▸ Your task
Only the lines below starting at the one that contains "by apply: connect_edgeS (subsetUr" and ending at the one that contains "have /spanning_treesP[sAK _" are to be reproduced, exactly and with both ends kept.

========================================================================

(* [E] is the complete graph on [C] glued at the single vertex [o] to a graph on [V]. *)
Section Gluing.
Variable gT : finGroupType.
Variables (E : {set {set gT}}) (G C V : {set gT}) (o : gT).
Hypotheses (CIV : C :&: V = [set o]) (CUV : C :|: V = G)
  (sKE : clique_edges C \subset E)
  (EV : {in E :\: clique_edges C, forall e : {set gT}, e \subset V}).
Implicit Types (A B T : {set {set gT}}).

Local Notation K := (clique_edges C).
Local Notation E' := (E :\: clique_edges C).

Let oC : o \in C. Proof. by have /setIP[] : o \in C :&: V by rewrite CIV set11. Qed.
Let oV : o \in V. Proof. by have /setIP[] : o \in C :&: V by rewrite CIV set11. Qed.
Let CV_o a : a \in C -> a \in V -> a = o.
Proof. by move=> aC aV; apply/set1P; rewrite -CIV inE aC. Qed.

Let E'V a b : [set a; b] \in E' -> (a \in V) && (b \in V).
Proof. by move/EV/subsetP => sV; rewrite !sV ?set21 ?set22. Qed.

Let toC z := if z \in C then z else o.
Let toV z := if z \in V then z else o.

Lemma connect_toC A B x y : A \subset K -> B \subset E' ->
  connect (edge_rel (A :|: B)) x y -> connect (edge_rel A) (toC x) (toC y).
Proof.
move=> sAK sBE'; apply: connect_homo => a b; rewrite /edge_rel inE => /orP[abA|abB].
  have := subsetP sAK _ abA; rewrite mem_clique_edges => /and3P[aC bC _].
  by rewrite /toC aC bC; apply: connect1.
have /andP[aV bV] := E'V (subsetP sBE' _ abB).
have toC_o w : w \in V -> toC w = o by rewrite /toC; case: ifP => // wC /(CV_o wC).
by rewrite !toC_o.
Qed.

Lemma connect_toV A B x y : A \subset K -> B \subset E' ->
  connect (edge_rel (A :|: B)) x y -> connect (edge_rel B) (toV x) (toV y).
Proof.
move=> sAK sBE'; apply: connect_homo => a b; rewrite /edge_rel inE => /orP[abA|abB].
  have := subsetP sAK _ abA; rewrite mem_clique_edges => /and3P[aC bC _].
  have toV_o w : w \in C -> toV w = o by rewrite /toV; case: ifP => // wV /CV_o->.
  by rewrite !toV_o.
have /andP[aV bV] := E'V (subsetP sBE' _ abB).
by rewrite /toV aV bV; apply: connect1.
Qed.

Lemma spanning_trees_split T : T \in spanning_trees E G ->
  T :&: K \in spanning_trees K C /\ T :\: K \in spanning_trees E' V.
Proof.
case/spanning_treesP => sTE /connected_onP Tc Tf.
have sAK : T :&: K \subset K by apply: subsetIr.
have sBE' : T :\: K \subset E' by apply: setSD.
have eT : T = (T :&: K) :|: (T :\: K) by rewrite setID.
have GC : {subset C <= G} by move=> w wC; rewrite -CUV inE wC.
have GV : {subset V <= G} by move=> w wV; rewrite -CUV inE wV orbT.
split; apply/spanning_treesP; split=> //.
- apply/connected_onP => x y xC yC.
  have := Tc _ _ (GC _ xC) (GC _ yC); rewrite {1}eT => /(connect_toC sAK sBE').
  by rewrite /toC xC yC.
- exact: forestS (subsetIl _ _) Tf.
- apply/connected_onP => x y xV yV.
  have := Tc _ _ (GV _ xV) (GV _ yV); rewrite {1}eT => /(connect_toV sAK sBE').
  by rewrite /toV xV yV.
- exact: forestS (subsetDl _ _) Tf.
Qed.

Lemma spanning_trees_join A B : A \in spanning_trees K C -> B \in spanning_trees E' V ->
  A :|: B \in spanning_trees E G.
Proof.
move=> /spanning_treesP[sAK /connected_onP Ac Af].
move=> /spanning_treesP[sBE' /connected_onP Bc Bf].
have BnK e : e \in B -> e \notin K by move/(subsetP sBE'); rewrite inE => /andP[].
apply/spanning_treesP; split.
- by rewrite subUset (subset_trans sAK sKE) (subset_trans sBE' (subsetDl _ _)).
- have to_o w : w \in G -> connect (edge_rel (A :|: B)) w o.
    rewrite -CUV inE => /orP[wC|wV].
      by apply: connect_edgeS (subsetUl _ _) _; apply: Ac wC oC.
    by apply: connect_edgeS (subsetUr _ _) _; apply: Bc wV oV.
  apply/connected_onP => x y xG yG; apply: connect_trans (to_o _ xG) _.
  by rewrite connect_edge_sym; apply: to_o.
apply/forestP => x y /setUP[xyA|xyB].
  have xyB : [set x; y] \notin B by apply: contraL (subsetP sAK _ xyA); apply: BnK.
  have -> : (A :|: B) :\ [set x; y] = (A :\ [set x; y]) :|: B.
    by apply/setP => e; rewrite !inE; case: eqP => // ->; rewrite (negbTE xyB).
  have := subsetP sAK _ xyA; rewrite mem_clique_edges => /and3P[xC yC _].
  apply/negP => /(connect_toC (subset_trans (subD1set _ _) sAK) sBE').
  by rewrite /toC xC yC; apply/negP/(forestP _ Af).
have xyA : [set x; y] \notin A by apply: contraNN (BnK _ xyB) => /(subsetP sAK).
have -> : (A :|: B) :\ [set x; y] = A :|: (B :\ [set x; y]).
  by apply/setP => e; rewrite !inE; case: eqP => // ->; rewrite (negbTE xyA).
have /andP[xV yV] := E'V (subsetP sBE' _ xyB).
apply/negP => /(connect_toV sAK (subset_trans (subD1set _ _) sBE')).
by rewrite /toV xV yV; apply/negP/(forestP _ Bf).
Qed.

Lemma card_spanning_trees_glue :
  #|spanning_trees E G| = #|spanning_trees K C| * #|spanning_trees E' V|.
Proof.
have split_inj : {in spanning_trees E G &, injective (fun T => (T :&: K, T :\: K))}.
  by move=> T1 T2 _ _ [eK eE']; rewrite -(setID T1 K) eK eE' setID.
rewrite -cardsX -(card_in_imset split_inj); apply: eq_card => -[A B].
rewrite in_setX; apply/imsetP/andP => [[T /spanning_trees_split + [-> ->]]|] //.
move=> [AK BE']; exists (A :|: B); first exact: spanning_trees_join.
have /spanning_treesP[sAK _ _] := AK; have /spanning_treesP[sBE' _ _] := BE'.
have dBK : [disjoint B & K] by move: sBE'; rewrite subsetD => /andP[].
have /eqP AK0 : A :\: K == set0 by rewrite setD_eq0.
by rewrite setIUl setDUl (setIidPl sAK) (disjoint_setI0 dBK) (setDidPl dBK) AK0 setU0 set0U.
Qed.

End Gluing.

Section MaximalPrimeOrder.
Local Open Scope group_scope.
Variables (gT : finGroupType) (G : {group gT}) (g : gT).
Hypotheses (gG : g \in G) (pr_g : prime #[g])
  (max_g : forall y, y \in G -> #[g] %| #[y] -> #[y] = #[g]).

Local Notation C := <[g]>.
Local Notation V := (G :\: C^#).

Lemma power_adj_cycle_nt a b : a \in C^# -> b \in G -> power_adj a b -> b \in C.
Proof.
move=> aC bG /andP[_]; rewrite -(nt_gen_prime pr_g aC).
case/orP=> [sCb|]; last by rewrite -cycle_subG.
have ob : #[b] = #[g] by apply/max_g/cardSg.
suff -> : C = <[b]> by apply: cycle_id.
by apply/eqP; rewrite eqEcard sCb /= -/(order b) ob.
Qed.

Lemma clique_cycle_sub_power_edges : clique_edges C \subset power_edges G.
Proof.
apply/subsetP => _ /clique_edgesP[x [y [-> xC yC xy]]].
have sCG : C \subset G by rewrite cycle_subG.
rewrite inE; apply/exists_inP; exists x; first exact: subsetP xC.
apply/exists_inP; exists y; first exact: subsetP yC.
rewrite eqxx /power_adj xy /=; have [->|x1] := eqVneq x 1; first by rewrite cycle1 sub1G.
by rewrite -(nt_gen_prime pr_g (_ : x \in C^#)) ?cycle_subG ?yC ?orbT // !inE x1.
Qed.

Lemma power_edges_off_cycle :
  {in power_edges G :\: clique_edges C, forall e : {set gT}, e \subset V}.
Proof.
move=> e /setDP[+ notK]; rewrite inE.
case/exists_inP=> x xG /exists_inP[y yG /andP[/eqP exy adj]].
move: notK; rewrite exy mem_clique_edges => notK.
have adj' : power_adj y x by rewrite /power_adj eq_sym orbC.
have xy : x != y by case/andP: adj.
apply/subsetP => z /set2P[]->; rewrite inE ?xG ?yG andbT; apply: contra notK.
  by move=> /[dup] /setD1P[_ ->] /power_adj_cycle_nt/(_ yG adj) ->; rewrite xy.
by move=> /[dup] /setD1P[_ ->] /power_adj_cycle_nt/(_ xG adj') ->; rewrite xy.
Qed.

Lemma kappa_cycle_factor :
  kappa G = (#[g] ^ (#[g] - 2) * #|spanning_trees (power_edges G :\: clique_edges C) V|)%N.
Proof.
have sCG : C \subset G by rewrite cycle_subG.
have CIV : C :&: V = [set 1].
  apply/setP => z; rewrite !inE; case: (eqVneq z 1) => [->|].
    by rewrite group1 (subsetP sCG).
  by case: (z \in C); rewrite ?andbF.
have CUV : C :|: V = G.
  apply/setP => z; rewrite !inE; case zC: (z \in C) => /=; last by rewrite andbF.
  by rewrite (subsetP sCG) ?zC.
transitivity #|spanning_trees (power_edges G) G|; first by [].
rewrite (card_spanning_trees_glue CIV CUV clique_cycle_sub_power_edges power_edges_off_cycle).
by rewrite cayley_formula -orderE.
Qed.

End MaximalPrimeOrder.

Theorem lemma3p5 (gT : finGroupType) (G : {group gT}) (p : nat) :
  p \in \pi(G) -> p \in mu G -> p ^ (p - 2) %| kappa G.
Proof.
move=> piG; rewrite unfold_in => /andP[]; rewrite unfold_in.
move=> /exists_inP[g gG /eqP og] /forall_inP max_p.
have pr_g : prime #[g]%g by rewrite og; move: piG; rewrite mem_primes => /andP[].
have max_g y : y \in G -> #[g]%g %| #[y]%g -> #[y]%g = #[g]%g.
  by rewrite og => yG /(implyP (max_p y yG)) /eqP.
by rewrite (kappa_cycle_factor gG pr_g max_g) og dvdn_mulr.
Qed.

========================================================================

▸ Written reply
    by apply: connect_edgeS (subsetUr _ _) _; apply: Bc wV oV.
  apply/connected_onP => x y xG yG; apply: connect_trans (to_o _ xG) _.
  by rewrite connect_edge_sym; apply: to_o.
apply/forestP => x y /setUP[xyA|xyB].
  have xyB : [set x; y] \notin B by apply: contraL (subsetP sAK _ xyA); apply: BnK.
  have -> : (A :|: B) :\ [set x; y] = (A :\ [set x; y]) :|: B.
    by apply/setP => e; rewrite !inE; case: eqP => // ->; rewrite (negbTE xyB).
  have := subsetP sAK _ xyA; rewrite mem_clique_edges => /and3P[xC yC _].
  apply/negP => /(connect_toC (subset_trans (subD1set _ _) sAK) sBE').
  by rewrite /toC xC yC; apply/negP/(forestP _ Af).
have xyA : [set x; y] \notin A by apply: contraNN (BnK _ xyB) => /(subsetP sAK).
have -> : (A :|: B) :\ [set x; y] = A :|: (B :\ [set x; y]).
  by apply/setP => e; rewrite !inE; case: eqP => // ->; rewrite (negbTE xyA).
have /andP[xV yV] := E'V (subsetP sBE' _ xyB).
apply/negP => /(connect_toV sAK (subset_trans (subD1set _ _) sBE')).
by rewrite /toV xV yV; apply/negP/(forestP _ Bf).
Qed.

Lemma card_spanning_trees_glue :
  #|spanning_trees E G| = #|spanning_trees K C| * #|spanning_trees E' V|.
Proof.
have split_inj : {in spanning_trees E G &, injective (fun T => (T :&: K, T :\: K))}.
  by move=> T1 T2 _ _ [eK eE']; rewrite -(setID T1 K) eK eE' setID.
rewrite -cardsX -(card_in_imset split_inj); apply: eq_card => -[A B].
rewrite in_setX; apply/imsetP/andP => [[T /spanning_trees_split + [-> ->]]|] //.
move=> [AK BE']; exists (A :|: B); first exact: spanning_trees_join.
have /spanning_treesP[sAK _ _] := AK; have /spanning_treesP[sBE' _ _] := BE'.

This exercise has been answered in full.